EXERCISE: From the records below, copy the lines that include "Copp".

SUPPLIED INFORMATION:

Lemma cseq_lim_zero_repair : cseq_lim (fun k => RtoC (zero_repair k)) 0.
Proof.
  apply (cseq_lim_harmonic _ g). intros k.
  rewrite Cmod_R, Rabs_pos_eq by apply zero_repair_bounds.
  apply zero_repair_le_harmonic.
Qed.

Lemma perturb_neq0 (k : nat) : perturb k <> 0.
Proof.
  unfold perturb, zero_repair.
  destruct excluded_middle_informative as [E | E]; intros Hb.
  - pose proof (one_le_INR_add1 k).
    assert (Hpos : 0 < g / (INR (k + 1) * INR (k + 1))) by (apply Rdiv_lt_0_compat; nra).
    rewrite Cplus_assoc, E, Cplus_0_l in Hb.
    apply (f_equal fst) in Hb. simpl in Hb. lra.
  - apply E. rewrite <- Hb. ring.
Qed.

Lemma inB0_perturb : inB0 a -> inB0 perturb.
Proof.
  intros Ha. apply (inB0_plus _ _ Ha), (inB0_plus _ _ (inB0_const _)).
  apply (inB0_square_decay _ g). intros k.
  rewrite Cmod_R, Rabs_pos_eq by apply zero_repair_bounds.
  apply zero_repair_bounds.
Qed.

Lemma cseq_lim_perturb (l : C) :
  cseq_lim a l -> cseq_lim perturb (Cplus l (RtoC g)).
Proof.
  intros Ha. replace (Cplus l (RtoC g)) with (Cplus l (Cplus (RtoC g) 0)) by ring.
  exact (cseq_lim_plus _ _ _ _ Ha
    (cseq_lim_plus _ _ _ _ (cseq_lim_const _) cseq_lim_zero_repair)).
Qed.

Lemma selfadjointB0_perturb : selfadjointB0 a -> selfadjointB0 perturb.
Proof.
  intros Ha k. unfold perturb. rewrite !Cplus_conj, Ha, !Cconj_RtoC. reflexivity.
Qed.

Lemma normB0_sub_perturb_le : normB0 (fun k => Cminus (a k) (perturb k)) <= 3 * g.
Proof.
  set (e := fun k => Cminus (a k) (perturb k)).
  assert (Ee : forall k, e k = Copp (Cplus (RtoC g) (RtoC (zero_repair k))))
    by (intros k; unfold e, perturb, Cminus; ring).
  assert (Hsup : norm_sup e <= 2 * g).
  { apply norm_sup_le. intros k. rewrite Ee, Cmod_opp, <- RtoC_plus, Cmod_R.
    destruct (zero_repair_bounds k) as [H0 _].
    pose proof (zero_repair_le_harmonic k). pose proof (Rdiv_INR_add1_le g k).
    rewrite Rabs_pos_eq; lra. }
  assert (Homega : norm_omega e <= g).
  { apply (norm_omega_le _ (Copp (RtoC g))).
    - pose proof (cseq_lim_mult _ _ _ _ (cseq_lim_const (RtoC (-1)))
        (cseq_lim_plus _ _ _ _ (cseq_lim_const (RtoC g)) cseq_lim_zero_repair)) as Hlim.
      replace (Cmult (RtoC (-1)) (Cplus (RtoC g) 0)) with (Copp (RtoC g)) in Hlim by ring.
      apply cseq_lim_ext with (2 := Hlim). intros k. rewrite Ee. ring.
    - intros k.
      replace (Cminus (e k) (Copp (RtoC g))) with (Copp (RtoC (zero_repair k)))
        by (rewrite Ee; unfold Cminus; ring).
      destruct (zero_repair_bounds k) as [H0 H1].
      rewrite Cmod_opp, Cmod_R, Rabs_pos_eq by exact H0.
      pose proof (Rdiv_INR_add1_le g k). lra. }
  unfold normB0. fold e. lra.
Qed.

End Perturbation.

Lemma exists_invertible_perturb (a : nat -> C) (eps : R) : inB0 a -> 0 < eps ->
  exists g, inB0 (perturb a g) /\ invertibleB0 (perturb a g) /\
    normB0 (fun k => Cminus (a k) (perturb a g k)) < eps.
Proof.
  intros Ha Heps. pose proof Ha as [l [Hl _]].
  destruct (exists_shift_nonzero l (eps / 4)) as [g [Hg Hlg]]; [lra |].
  assert (HB : inB0 (perturb a g)) by (apply inB0_perturb; [lra | exact Ha]).
  exists g. split; [exact HB |]. split.
  - apply invertibleB0_of_nonvanishing; [exact HB | |].
    + rewrite (lam_cseq_lim _ _ (cseq_lim_perturb a g ltac:(lra) l Hl)). exact Hlg.
    + apply perturb_neq0. lra.
  - pose proof (normB0_sub_perturb_le a g ltac:(lra)). lra.
Qed.
Lemma greedy_path_extends n m : exists t, greedy_path (n + m) = greedy_path n ++ t.
Proof.
  induction m as [|m [t Ht]]; [exists []; rewrite Nat.add_0_r, app_nil_r; auto|].
  replace (n + S m) with (S (n + m)) by lia. simpl.
  destruct excluded_middle_informative; rewrite Ht, <- app_assoc; eexists; eauto.
Qed.

Lemma greedy_path_nth n m j :
  j < length (greedy_path n) -> j < length (greedy_path m) ->
  nth j (greedy_path n) false = nth j (greedy_path m) false.
Proof.
  intros H1 H2. destruct (Nat.le_ge_cases n m).
  - destruct (greedy_path_extends n (m - n)) as [t Ht].
    replace (n + (m - n)) with m in Ht by lia. rewrite Ht, app_nth1; auto.
  - destruct (greedy_path_extends m (n - m)) as [t Ht].
    replace (m + (n - m)) with n in Ht by lia. rewrite Ht, app_nth1; auto.
Qed.

Lemma konig : P u0 -> (forall u, P u -> P (u ++ [false]) \/ P (u ++ [true])) ->
  exists x, is_prefix u0 x /\ forall n, length u0 <= n -> P (prefix_of x n).
Proof.
  intros H0 Hs.
  assert (HP : forall n, P (greedy_path n)).
  { induction n; simpl; auto. destruct excluded_middle_informative; auto.
    destruct (Hs _ IHn); tauto. }
  set (x := fun j => nth j (greedy_path (S j)) false).
  assert (Hx : forall n, prefix_of x (length u0 + n) = greedy_path n).
  { intros n. apply nth_ext with (d := false) (d' := false).
    - rewrite prefix_of_length, greedy_path_length; auto.
    - intros j Hj. rewrite prefix_of_length in Hj. rewrite nth_prefix_of by auto.
      apply greedy_path_nth; rewrite greedy_path_length; lia. }
  exists x. split.
  - specialize (Hx 0). rewrite Nat.add_0_r in Hx. simpl in Hx. rewrite <- Hx.
    apply prefix_of_is_prefix.
  - intros n Hn. replace n with (length u0 + (n - length u0)) by lia. rewrite Hx. auto.
Qed.
End Konig.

TASK ANSWER:
  assert (Ee : forall k, e k = Copp (Cplus (RtoC g) (RtoC (zero_repair k))))
  { apply (norm_omega_le _ (Copp (RtoC g))).
      replace (Cmult (RtoC (-1)) (Cplus (RtoC g) 0)) with (Copp (RtoC g)) in Hlim by ring.
      replace (Cminus (e k) (Copp (RtoC g))) with (Copp (RtoC (zero_repair k)))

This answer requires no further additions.